The US, UK, and Cisco warned in April of attacks on Cisco iOS devices by the Russian APT28 (Fancy Bear, STRONTIUM) state-sponsored hacking group, which deployed custom malware to steal data and pivot to internal devices.

As edge network devices do not commonly support EDR (Endpoint Detection and Response) security solutions, they are prime targets for threat actors to use for data theft and initial access to a network.

"There's a recurring theme of continued China-nexus cyber espionage focus on network appliances, IOT devices, etc. that don't support EDR solutions," Mandiant CTO Charles Carmakal told BleepingComputer in May.

Therefore, network admins must install all available security patches on edge devices as soon as they become available and not publicly expose management consoles.

 

[laksaboy]

Should have thought of this day before letting that trashy country join the WTO in 2001. You lusted for the 'big China market' and cheap China sweatshops to manufacture your crap.

And fuck you Jewish globalists/bankers, who are the biggest CCP cheerleaders. LKY's buddy Kissinger, BlackRock's Larry Fink etc.

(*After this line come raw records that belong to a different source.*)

Lemma mxrank_mxsub m n m' n' (f : 'I_m' -> 'I_m) (g : 'I_n' -> 'I_n)
    (A : 'M[F]_(m, n)) :
  (\rank (mxsub f g A) <= \rank A)%N.
Proof.
have -> : mxsub f g A = rowsub f 1%:M *m (A *m colsub g 1%:M).
  by rewrite mulmx_colsub mulmx1 -mxsub_mul mul1mx.
exact: leq_trans (mxrankM_maxr _ _) (mxrankM_maxl _ _).
Qed.

Lemma sum_enum_val_delta m (S : {set 'I_m}) (x : 'I_m) (G : 'I_m -> F) :
  \sum_(e < #|S|) (enum_val e == x)%:R * G (enum_val e) =
  if x \in S then G x else 0.
Proof.
rewrite -(big_enum_val (fun x' => (x' == x)%:R * G x')) /=.
under eq_bigr do rewrite mulr_natl mulrb.
rewrite -big_mkcondr /=; case: ifP => Sx; last first.
  by rewrite big_pred0 // => x'; apply/andP => -[Sx' /eqP xx']; rewrite -xx' Sx' in Sx.
by rewrite (big_pred1 x) // => x'; rewrite /= andb_idl // => /eqP ->.
Qed.

Lemma mxrank_submx_set m n (A : 'M[F]_(m, n)) (Rs : {set 'I_m}) (Cs : {set 'I_n}) :
  \rank (submx_set A Rs Cs) = \rank (mxmask (fun x y => (x \in Rs) && (y \in Cs)) A).
Proof.
apply/eqP; rewrite eqn_leq; apply/andP; split.
  have -> : submx_set A Rs Cs = mxsub enum_val enum_val
                                  (mxmask (fun x y => (x \in Rs) && (y \in Cs)) A).
    by apply/matrixP => e e'; rewrite !mxE !enum_valP.
  exact: mxrank_mxsub.
pose selR : 'M[F]_(m, #|Rs|) := \matrix_(x, e) (enum_val e == x)%:R.
pose selC : 'M[F]_(#|Cs|, n) := \matrix_(e, y) (enum_val e == y)%:R.
suff -> : mxmask (fun x y => (x \in Rs) && (y \in Cs)) A =
          selR *m submx_set A Rs Cs *m selC.
  exact: leq_trans (mxrankM_maxl _ _) (mxrankM_maxr _ _).
apply/matrixP => x y; rewrite !mxE.
under eq_bigr => e' _.
  rewrite mxE; under eq_bigr do rewrite !mxE.
  rewrite (sum_enum_val_delta _ _ (fun x' => A x' (enum_val e'))) mxE mulrC.
  over.
rewrite (sum_enum_val_delta _ _ (fun y' => if x \in Rs then A x y' else 0)).
by case: (x \in Rs); case: (y \in Cs).
Qed.

Lemma col_ebase_pid_factor m n r (B : 'M[F]_(m, n)) : (\rank B <= r)%N ->
  col_ebase B *m (pid_mx r : 'M_(m, r)) *m
    ((pid_mx r : 'M_(r, m)) *m invmx (col_ebase B) *m B) = B.
Proof.
move=> rkB; have EB := mulmx_ebase B; set L := col_ebase B in EB *.
rewrite -{1}EB !mulmxA -(mulmxA _ (invmx L)) mulVmx ?col_ebase_unit // mulmx1.
rewrite -!(mulmxA L) !mul_pid_mx !minnn (minn_idPr rkB).
by rewrite (minn_idPr (rank_leq_row B)) mulmxA.
Qed.

End Masks.

(* [mv i] enumerates by [lab] the middle indices j whose rank-one support L[:,j] R[j,:]
   is that of i; the last clause says that two of these supports meet only if they
   are equal. *)
Definition block_labelling m k n r (L : 'I_m -> 'I_k -> bool)
    (R : 'I_k -> 'I_n -> bool) (lab : 'I_k -> 'I_r) (mv : 'I_k -> 'I_r -> 'I_k) :=
  [/\ forall i w x, L x (mv i w) = L x i,
      forall i w y, R (mv i w) y = R i y,
      forall i w, lab (mv i w) = w &
      forall x y i j, L x i -> R i y -> L x j -> R j y -> mv i (lab j) = j].

Section LabelledBlocks.

Variables (F : fieldType) (m k n r : nat).
Variables (L : 'I_m -> 'I_k -> bool) (R : 'I_k -> 'I_n -> bool).
Variables (lab : 'I_k -> 'I_r) (mv : 'I_k -> 'I_r -> 'I_k).
Hypothesis labP : block_labelling L R lab mv.
Local Open Scope ring_scope.

Lemma sum_over_class x y i0 (G : 'I_k -> F) : L x i0 -> R i0 y ->
  (forall i, ~~ (L x i && R i y) -> G i = 0) -> \sum_i G i = \sum_w G (mv i0 w).
Proof.
case: labP => L_mv R_mv lab_mv mv_lab Lx Ry G0.
rewrite (bigID (fun i => L x i && R i y)) /= [X in _ + X]big1 ?addr0; last first.
  by move=> i /G0.
rewrite (reindex_onto (mv i0) lab) => [|i /andP[]]; last exact: mv_lab.
by apply: eq_bigl => w; rewrite L_mv R_mv Lx Ry lab_mv eqxx.
Qed.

https://jewishjournal.com/news/worldwide/179731/

https://www.timesofisrael.com/how-a...kbone-of-revolutionary-chinas-medical-system/

https://www.haaretz.com/2012-07-27/...with-mao/0000017f-f082-d8a1-a5ff-f08aa3230000

https://forward.com/schmooze/159051/a-jew-in-maos-china/

A Jew in Mao's China

Until I saw the documentary “The Revolutionary” at the Philadelphia Independent Film Festival, I mistakenly thought that China during the revolutionary period was one country that had not felt the Jewish embrace. In fact, 85 to 90% of the foreigners helping the Chinese at the time of the Communist takeover were Jewish. This included the daughter of the founder of the brokerage firm Goldman Sachs, who left the comfort of her Park Avenue home to assist the Chinese.

 

[Betsycrant]

Cybersecurity incident readiness is about preventing breaches and being prepared for the worst-case scenarios. For instance, having a solid cyber security incident readiness ir service in place can be a game-changer because, let's face it, no matter how many precautions we take, there's always a chance of something slipping through the cracks. I particularly resonate with the point about educating users. It's not just about fortifying our defenses but also empowering the people who interact with our platform. Cyber security is a shared responsibility, after all. So, kudos on highlighting that.